Stored data
Lemma sat_subst D (V : A -> D -> Prop) ws (h : assign D) f g :
  (forall p, List.In p ws -> maxvar f < p.1) -> (forall p, List.In p ws -> h p.1 <> None) ->
  (forall p, List.In p ws -> g p.1 = h p.1) ->
  (sat V g (subst ws f) <-> sat (Vwit ws h V) g f).
Proof.
move=> + Hh.
have fresh x (f' : form A) g' d : (forall p, List.In p ws -> maxn x (maxvar f') < p.1) ->
    (forall p, List.In p ws -> g' p.1 = h p.1) ->
    (forall p, List.In p ws -> maxvar f' < p.1) /\ (forall p, List.In p ws -> upd g' x d p.1 = h p.1).
  move=> Hm Hg; split=> p /[dup] hp /Hm; rewrite gtn_max => /andP [hx hf] //.
  by rewrite /upd gtn_eqF // Hg.
elim: f g => //= [a y|a y|f1 IH1 f2 IH2|f1 IH1 f2 IH2|x f IH|x f IH] g Hm Hg.
- rewrite /Vwit; case: ifP => ha //; rewrite sat_bigOr; split.
  + move=> [p /In_filter [hp hap] /= [d [e1 e2]]].
    by exists d; split=> //; exists p; rewrite // -Hg.
  + move=> [d [e1 [p hp [hap e2]]]]; exists p; first exact/In_filter.
    by exists d; rewrite Hg.
- rewrite /Vwit; case: ifP => ha //=; rewrite sat_bigAnd; split.
  + move=> [[d [e1 _]] H]; exists d; split=> // -[p hp [hap e2]].
    have /= [d' [e' [e3 [e4 ne]]]] := H p ((In_filter _ _ _).2 (conj hp hap)).
    by move: e3 e4; rewrite e1 Hg // e2 => -[->] [/ne].
  + move=> [d [e1 hn]]; split; first by exists d.
    move=> p /In_filter [hp hap] /=; case eh: (h p.1) (Hh p hp) => [e|] // _.
    exists d, e; do 2!split=> //; first by rewrite Hg.
    by move=> de; subst; apply: hn; exists p.
- by rewrite IH1 ?IH2 // => p /Hm; rewrite gtn_max => /andP [].
- by rewrite IH1 ?IH2 // => p /Hm; rewrite gtn_max => /andP [].
- by split=> -[d hd]; exists d; move: hd; case: (fresh x f g d Hm Hg) => Hm' Hg'; rewrite IH.
- by split=> hd d; move: (hd d); case: (fresh x f g d Hm Hg) => Hm' Hg'; rewrite IH.
Qed.

Lemma free_subst ws f y :
  free_in y (subst ws f) -> free_in y f \/ exists2 p, List.In p ws & y = p.1.
Proof.
elim: f => //= [a x|a x|x1 x2|x1 x2|f1 IH1 f2 IH2|f1 IH1 f2 IH2|x f IH|x f IH];
  try by [left | case=> [/IH1|/IH2]; tauto | case=> ne /IH []; [left | right]].
- case: (a \in B) => [/free_bigOr [p /In_filter [hp _] /= [->|->]]|];
    [left | right; exists p | left] => //.
- case: (a \in B) => [[[->|->]|/free_bigAnd [p /In_filter [hp _] /= [->|->]]]|]; try by left.
  by right; exists p.
Qed.

Lemma avoids_subst ws f : avoids B (subst ws f).
Proof.
elim: f => //= [a x|a x]; case: ifP => ha /=; rewrite ?ha //.
- by apply: avoids_bigOr.
- by split=> //; apply: avoids_bigAnd.
Qed.

Definition ex_witnesses ws (th : form A) : form A :=
  foldr (fun p acc => FEx p.1 (FAnd (atomsB B p.2 p.1) acc)) th ws.

Lemma syn_cont_ex_witnesses ws th : avoids B th -> syn_cont FOE B (ex_witnesses ws th).
Proof.
move=> ha; elim: ws => [|p ws IH] /=; first exact: SC_base.
by apply/SC_ex/SC_and => //; apply: syn_cont_atomsB.
Qed.

Lemma free_ex_witnesses ws th y :
  free_in y (ex_witnesses ws th) -> free_in y th /\ forall p, List.In p ws -> y <> p.1.
Proof.
elim: ws => [|p ws IH] //= [ne [/free_atomsB //|/IH [h1 h2]]].
by split=> // p' [<-|/h2].
Qed.

Lemma sat_ex_witnesses D (V : A -> D -> Prop) ws th g : uniq (unzip1 ws) ->
  sat V g (ex_witnesses ws th) <->
  exists h, [/\ forall p, List.In p ws -> exists2 d, h p.1 = Some d & p.2 :&: B \subset col V d,
                forall y, y \notin unzip1 ws -> h y = g y & sat V h th].
Proof.
elim: ws g => [|p ws IH] g /=.
  move=> _; split=> [hg|[h [_ hh hth]]]; first by exists g.
  by apply: (sat_agree V _).1 hth => y _; rewrite hh.
case/andP => hp /IH {}IH; split=> [[d [/(sat_atomsB _ _ _ (upd_same g p.1 d)) hpos /IH]]|].
- move=> [h [h1 h2 h3]]; exists h; split=> // [p' [<-|/h1] //|y].
    by exists d; rewrite // h2 // upd_same.
  by rewrite in_cons negb_or => /andP [ne hy]; rewrite h2 // /upd (negbTE ne).
- move=> [h [h1 h2 h3]]; case: (h1 p (or_introl erefl)) => d hd hsub.
  exists d; split; first exact/(sat_atomsB _ _ _ (upd_same g p.1 d)).
  apply/IH; exists h; split=> // [p' hp'|y hy]; first by apply: h1; right.
  rewrite /upd; case: eqP => [->|ne] //; apply: h2.
  by rewrite in_cons negb_or hy andbT; apply/eqP.
Qed.

End Witnesses.

Fixpoint lookup (D : Type) (wl : seq (var * D)) (y : var) : option D :=
  if wl is p :: wl' then (if p.1 == y then Some p.2 else lookup wl' y) else None.

Lemma lookup_notin D (wl : seq (var * D)) y : y \notin unzip1 wl -> lookup wl y = None.
Proof. by elim: wl => [|p wl IH] //=; rewrite in_cons negb_or eq_sym => /andP [/negbTE -> /IH]. Qed.

Lemma lookup_in D (wl : seq (var * D)) p :
  uniq (unzip1 wl) -> List.In p wl -> lookup wl p.1 = Some p.2.
Proof.
elim: wl => [|p' wl IH] //= /andP [hp' hu] [<-|hp]; first by rewrite eqxx.
case: eqP => [e|_]; last exact: IH.
by move: hp'; rewrite e; move/In_mem: (List.in_map fst _ _ hp) => ->.
Qed.

Lemma In_zip_iota D (L : seq D) m d : List.In d L -> exists y, List.In (y, d) (zip (iota m (size L)) L).
Proof.
elim: L m => [|d' L IH] m //= [<-|/(IH m.+1) [y hy]]; first by exists m; left.
by exists y; right.
Qed.

Fixpoint seqs_upto (T : finType) (n : nat) : seq (seq T) :=
  if n is n'.+1 then [::] :: [seq c :: s | c <- enum T, s <- seqs_upto T n'] else [:: [::]].

Lemma seqs_uptoP (T : finType) n (s : seq T) : size s <= n -> s \in seqs_upto T n.
Proof.
elim: n s => [|n IH] [|c s] //= hs; rewrite in_cons /=.
by apply/allpairsP; exists (c, s); rewrite mem_enum IH.
Qed.

Section FOENormalForm.
Variables (A : finType) (B : {set A}).

Definition witness_bound (q : nat) := #|{: {set A}}| * (nslots A q + nslots A q).

Lemma continuous_small_witness (phi : form A) : continuous_in B phi ->
  forall D (V : A -> D -> Prop), holds V phi -> exists (W : A -> D -> Prop) (L : seq D),
    [/\ leB B W V, holds W phi, (forall b d, b \in B -> W b d -> List.In d L)
      & size L <= witness_bound (rank phi)].
Proof.
move=> [_ hcont] D V hV; set q := rank phi.
have /hcont [U [[hUV /leB_fin_support [S hS]] hU]] := holds_infl (leqnn q) hV.
exists (Wtrim B U), (trim_support q V); split.
- exact: Wtrim_leB hUV.
- exact: (holds_ef_rel (leqnn q) (ef_rel_trim hUV hS)).2 hU.
- exact: Wtrim_support.
- exact: size_trim_support.
Qed.

Definition witnesses (m : nat) (bs : seq {set A}) := zip (iota m (size bs)) bs.

Definition chiFOE (phi : form A) (bs : seq {set A}) : form A :=
  let ws := witnesses (maxvar phi).+1 bs in ex_witnesses B ws (subst B ws phi).

Lemma witnesses_vars m bs : unzip1 (witnesses m bs) = iota m (size bs).
Proof. by rewrite unzip1_zip // size_iota. Qed.

Lemma witnesses_fresh m bs p : List.In p (witnesses m bs) -> m <= p.1.
Proof.
move=> /In_mem /(map_f fst); rewrite -/(unzip1 _) witnesses_vars mem_iota => /andP [] //.
Qed.

Lemma witnesses_map D m (f : D -> {set A}) (L : seq D) :
  witnesses m (map f L) = [seq (p.1, f p.2) | p <- zip (iota m (size L)) L].
Proof. by rewrite /witnesses size_map; elim: L m => //= d L IH m; rewrite IH. Qed.

Lemma sentence_chiFOE phi bs : sentence phi -> sentence (chiFOE phi bs).
Proof.
move=> hs y /free_ex_witnesses [/free_subst [/hs //|[p hp ->]]] /(_ p hp); exact.
Qed.

Lemma syn_cont_chiFOE phi bs : syn_cont FOE B (chiFOE phi bs).
Proof. exact/syn_cont_ex_witnesses/avoids_subst. Qed.

Lemma chiFOE_sound phi bs D (V : A -> D -> Prop) :
  sentence phi -> monotone_in B phi -> holds V (chiFOE phi bs) -> holds V phi.
Proof.
move=> hs hmono; rewrite /holds /chiFOE sat_ex_witnesses ?witnesses_vars ?iota_uniq //.
move=> [h [h1 _ h3]]; apply/(sentence_sat V h hs).
apply: (hmono _ (Vwit B (witnesses (maxvar phi).+1 bs) h V)).
  by apply: (sat_subst B V _ _ _).1 h3 => [p /witnesses_fresh|p /h1 [d -> _]|].
move=> a; split=> ha d; rewrite /Vwit ?ha ?(negbTE ha) // => -[p hp [hap e]].
by case: (h1 p hp) => d'; rewrite e => -[<-] /subsetP /(_ a); rewrite inE hap ha => /(_ isT) /colP.
Qed.

Lemma chiFOE_complete phi D (V W : A -> D -> Prop) (L : seq D) :
  sentence phi -> leB B W V -> holds W phi -> (forall b d, b \in B -> W b d -> List.In d L) ->
  holds V (chiFOE phi [seq col W d :&: B | d <- L]).
Proof.
move=> hs hWV hW hsup; set m := (maxvar phi).+1.
pose wl := zip (iota m (size L)) L.
have ws_wl : witnesses m [seq col W d :&: B | d <- L] = [seq (p.1, col W p.2 :&: B) | p <- wl].
  exact: witnesses_map.
have wl_uniq : uniq (unzip1 wl) by rewrite unzip1_zip ?size_iota ?iota_uniq.
have h_wl p : List.In p wl -> lookup wl p.1 = Some p.2 by apply: lookup_in.
rewrite /holds /chiFOE -/m sat_ex_witnesses; last by rewrite witnesses_vars iota_uniq.
exists (lookup wl); rewrite ws_wl; split.
- move=> p /List.in_map_iff [[y d] [<- hp]] /=; exists d; first exact: h_wl hp.
  apply/subsetP => a /setIP [/setIP [ha hb] _].
  by case: (leB_col d hWV) => _ /subsetP; apply; rewrite inE ha.
- have -> : unzip1 [seq (p.1, col W p.2 :&: B) | p <- wl] = unzip1 wl by rewrite /unzip1 -map_comp.
  by move=> y; apply: lookup_notin.
set ws := [seq (p.1, col W p.2 :&: B) | p <- wl].
have Hm p : List.In p ws -> maxvar phi < p.1 by rewrite /ws -ws_wl => /witnesses_fresh.
have Hh p : List.In p ws -> lookup wl p.1 <> None.
  by move=> /List.in_map_iff [[y d] [<- hp]]; rewrite /= (h_wl _ hp).
apply: (sat_subst B V Hm Hh (fun _ _ => erefl)).2; apply/(sentence_sat _ _ hs).
apply: (sat_ext _ _ _).1 hW => a d; rewrite /Vwit; case: ifP => ha.
  2: exact: (proj2 (hWV a) (negbT ha) d).
split=> [hw|[p /List.in_map_iff [[y d'] [<- hp]] [/= hap e]]].
- have [y hy] := In_zip_iota m (hsup a d ha hw); exists (y, col W d :&: B).
    by apply/List.in_map_iff; exists (y, d).
  by rewrite inE ha andbT (h_wl _ hy); split=> //; apply/colP.
- by move: e; rewrite (h_wl _ hp) => -[<-]; move: hap; rewrite inE => /andP [/colP].
Qed.

Lemma FOE_normal_form (phi : form A) : sentence phi -> continuous_in B phi ->
  exists psi, [/\ sentence psi, syn_cont FOE B psi & equiv_sent phi psi].
Proof.
move=> hs hc; exists (bigOr (seqs_upto _ (witness_bound (rank phi))) (chiFOE phi)); split.
- by move=> y /free_bigOr [bs _]; apply: sentence_chiFOE.
- by apply: syn_cont_bigOr => bs _; apply: syn_cont_chiFOE.
move=> D V; split=> [hV|/sat_bigOr [bs _]]; last exact: chiFOE_sound hs hc.1.
have [W [L [hWV hW hsup hsize]]] := continuous_small_witness hc hV.
apply/sat_bigOr; exists [seq col W d :&: B | d <- L]; last exact: chiFOE_complete.
by apply/In_mem/seqs_uptoP; rewrite size_map.
Qed.

End FOENormalForm.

# Your instructions
Please output the exact lines of the records above, beginning with the first and stopping after the line that holds "by rewrite /upd gtn_eqF // Hg.", and nothing else.

# Reply to the exercise
Lemma sat_subst D (V : A -> D -> Prop) ws (h : assign D) f g :
  (forall p, List.In p ws -> maxvar f < p.1) -> (forall p, List.In p ws -> h p.1 <> None) ->
  (forall p, List.In p ws -> g p.1 = h p.1) ->
  (sat V g (subst ws f) <-> sat (Vwit ws h V) g f).
Proof.
move=> + Hh.
have fresh x (f' : form A) g' d : (forall p, List.In p ws -> maxn x (maxvar f') < p.1) ->
    (forall p, List.In p ws -> g' p.1 = h p.1) ->
    (forall p, List.In p ws -> maxvar f' < p.1) /\ (forall p, List.In p ws -> upd g' x d p.1 = h p.1).
  move=> Hm Hg; split=> p /[dup] hp /Hm; rewrite gtn_max => /andP [hx hf] //.
  by rewrite /upd gtn_eqF // Hg.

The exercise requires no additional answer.